В дырявых носках и с пучком смешным на голове она идет к нему – проходя длинный путь от кухни, с привкусом ежевичного вина на губах, к его рукам в углу оголтелой, живой, такой же живой и обезумевшей комнаты. Как бурлаки на реках северных, тянет она свое сердце, свое тело, израненное в рабстве нежности грубых пальцев иждивенцев и сальных слов проституток в платочках, ширяющихся у дома быта, чутких ее подруг по неизведанному Парижу – оборванка, искалеченный ребенок дождливой эпохи, в черных красках под грудью, на бедрах и лодыжках, почти тюремных, ручных холодных картин настоящего, в серьгах от пивных жестяных открывашек, в цветах увядших, тянется она к малышу Жа.

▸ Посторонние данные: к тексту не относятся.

Lemma mass_wsum n k A :
  mass n k A = wsum k n (fun e => if andb (Nat.eqb (max_exp e) k) (A e) then 1 else 0).
Proof. unfold mass, wsum. apply sumf_filter_indicator. Qed.

(* Moments of order 0, 1, 2 of S_m on the event {X_1, ..., X_m <= 2^k}.  By
   independence they follow from those of one truncated variable:
   P(X <= 2^k), E[X; X <= 2^k] and E[X^2; X <= 2^k]. *)
Section Moments.
Variable k : nat.

Definition ptrunc := sumf (fun a => (/2)^a) (seq 1 k).
Definition mom1 := sumf (fun a => (/2)^a * 2^a) (seq 1 k).
Definition mom2 := sumf (fun a => (/2)^a * (2^a)^2) (seq 1 k).

Lemma wsum_one m : wsum k m (fun _ => 1) = ptrunc ^ m.
Proof.
  induction m; [rewrite wsum_0; reflexivity|].
  rewrite wsum_S. simpl pow. rewrite <- IHm. unfold ptrunc.
  rewrite Rmult_comm, <- sumf_scal. apply sumf_ext; intros. ring.
Qed.

Lemma wsum_S_of_step m :
  wsum k (S m) S_of = mom1 * ptrunc ^ m + ptrunc * wsum k m S_of.
Proof.
  assert (first_coord : forall a, wsum k m (fun t => S_of (a :: t))
                                  = 2^a * wsum k m (fun _ => 1) + 1 * wsum k m S_of).
  { intros a. rewrite <- wsum_lin. apply wsum_ext; intros; simpl; ring. }
  rewrite wsum_S, <- wsum_one.
  transitivity (sumf (fun a => wsum k m (fun _ => 1) * ((/2)^a * 2^a)
                               + wsum k m S_of * (/2)^a) (seq 1 k)).
  - apply sumf_ext; intros a _. rewrite first_coord. ring.
  - rewrite (sumf_lin (fun a => (/2)^a * 2^a) (fun a => (/2)^a)). unfold mom1, ptrunc. ring.
Qed.

Lemma wsum_S_of_sq_step m :
  wsum k (S m) (fun t => S_of t ^ 2)
  = mom2 * ptrunc ^ m + 2 * mom1 * wsum k m S_of + ptrunc * wsum k m (fun t => S_of t ^ 2).
Proof.
  assert (first_coord : forall a, wsum k m (fun t => S_of (a :: t) ^ 2)
            = (2^a)^2 * wsum k m (fun _ => 1) + (2 * 2^a) * wsum k m S_of
              + 1 * wsum k m (fun t => S_of t ^ 2)).
  { intros a. rewrite <- wsum_lin3. apply wsum_ext; intros; simpl; ring. }
  rewrite wsum_S, <- wsum_one.
  transitivity (sumf (fun a => wsum k m (fun _ => 1) * ((/2)^a * (2^a)^2)
                               + (2 * wsum k m S_of) * ((/2)^a * 2^a)
                               + wsum k m (fun t => S_of t ^ 2) * (/2)^a) (seq 1 k)).
  - apply sumf_ext; intros a _. rewrite first_coord. ring.
  - rewrite (sumf_lin3 (fun a => (/2)^a * (2^a)^2) (fun a => (/2)^a * 2^a) (fun a => (/2)^a)).
    unfold mom1, mom2, ptrunc. ring.
Qed.

Lemma wsum_S_of m : ptrunc * wsum k m S_of = INR m * mom1 * ptrunc ^ m.
Proof.
  induction m; [rewrite wsum_0; simpl; ring|].
  rewrite wsum_S_of_step, Rmult_plus_distr_l, <- Rmult_assoc, (Rmult_comm ptrunc), Rmult_assoc,
    IHm, S_INR.
  simpl; ring.
Qed.

Lemma wsum_S_of_sq m :
  ptrunc^2 * wsum k m (fun t => S_of t ^ 2)
  = INR m * mom2 * ptrunc ^ (S m) + INR m * (INR m - 1) * mom1^2 * ptrunc^m.
Proof.
  induction m; [rewrite wsum_0; simpl; ring|].
  rewrite wsum_S_of_sq_step.
  replace (ptrunc^2 * (mom2 * ptrunc ^ m + 2 * mom1 * wsum k m S_of
                       + ptrunc * wsum k m (fun t => S_of t ^ 2)))
    with (mom2 * ptrunc^(S (S m)) + 2 * mom1 * ptrunc * (ptrunc * wsum k m S_of)
          + ptrunc * (ptrunc^2 * wsum k m (fun t => S_of t ^ 2))) by (simpl; ring).
  rewrite IHm, wsum_S_of, S_INR. simpl; ring.
Qed.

«Иди, иди ко мне, делай шаг легким, опустошай дорогу, по которой ступаешь, гордо ставя кресты у обочин. Пьяная и шальная, синеглазая, больная, почти засушенная куколка поместилась бы и в спичечном коробке, как жучок майский, одномесячный, уставший. Ты, живущая так же редко, нутро свое цыганское золотое и негритянское черное проливаешь к моим ногам, по полу в луже катятся ко мне все признаки любви».

Молоком разливаются реки слез непоколебимости и страсти мучений, сожаления, забот. Жа слизывает по крупицам прямо с пола важные ему слова, ее звуки, ее следы, в конце концов, делает слепок посмертный жизни ее заблудшей, сырой, мухоморной. Галлюциногенные поцелуи рвут на Ассе рубашку и оголяют огорошенную свежестью белого моря, бомбы желания взрываются тут: бах, бах, ура-а-а! Сосед снизу стучит по батареям, не в силах сдержать потолок над собой, потолок, что рушит святая любовь. Любовь чернокнижника и художника своих худых, впалых щек, своих тонких пальцев рукописи на туалетной бумаге, своего сумасшествия в каждом волосе на мраморной от времени голове, и ее, изношенную в наркотиках и чужих любовях, милую и беспомощную, как котенок в колодце тюрьме, разлитую и впитавшуюся в бабушкин ковер, – ароматом вересковым ляжет на кожу и будет там вовеки веков.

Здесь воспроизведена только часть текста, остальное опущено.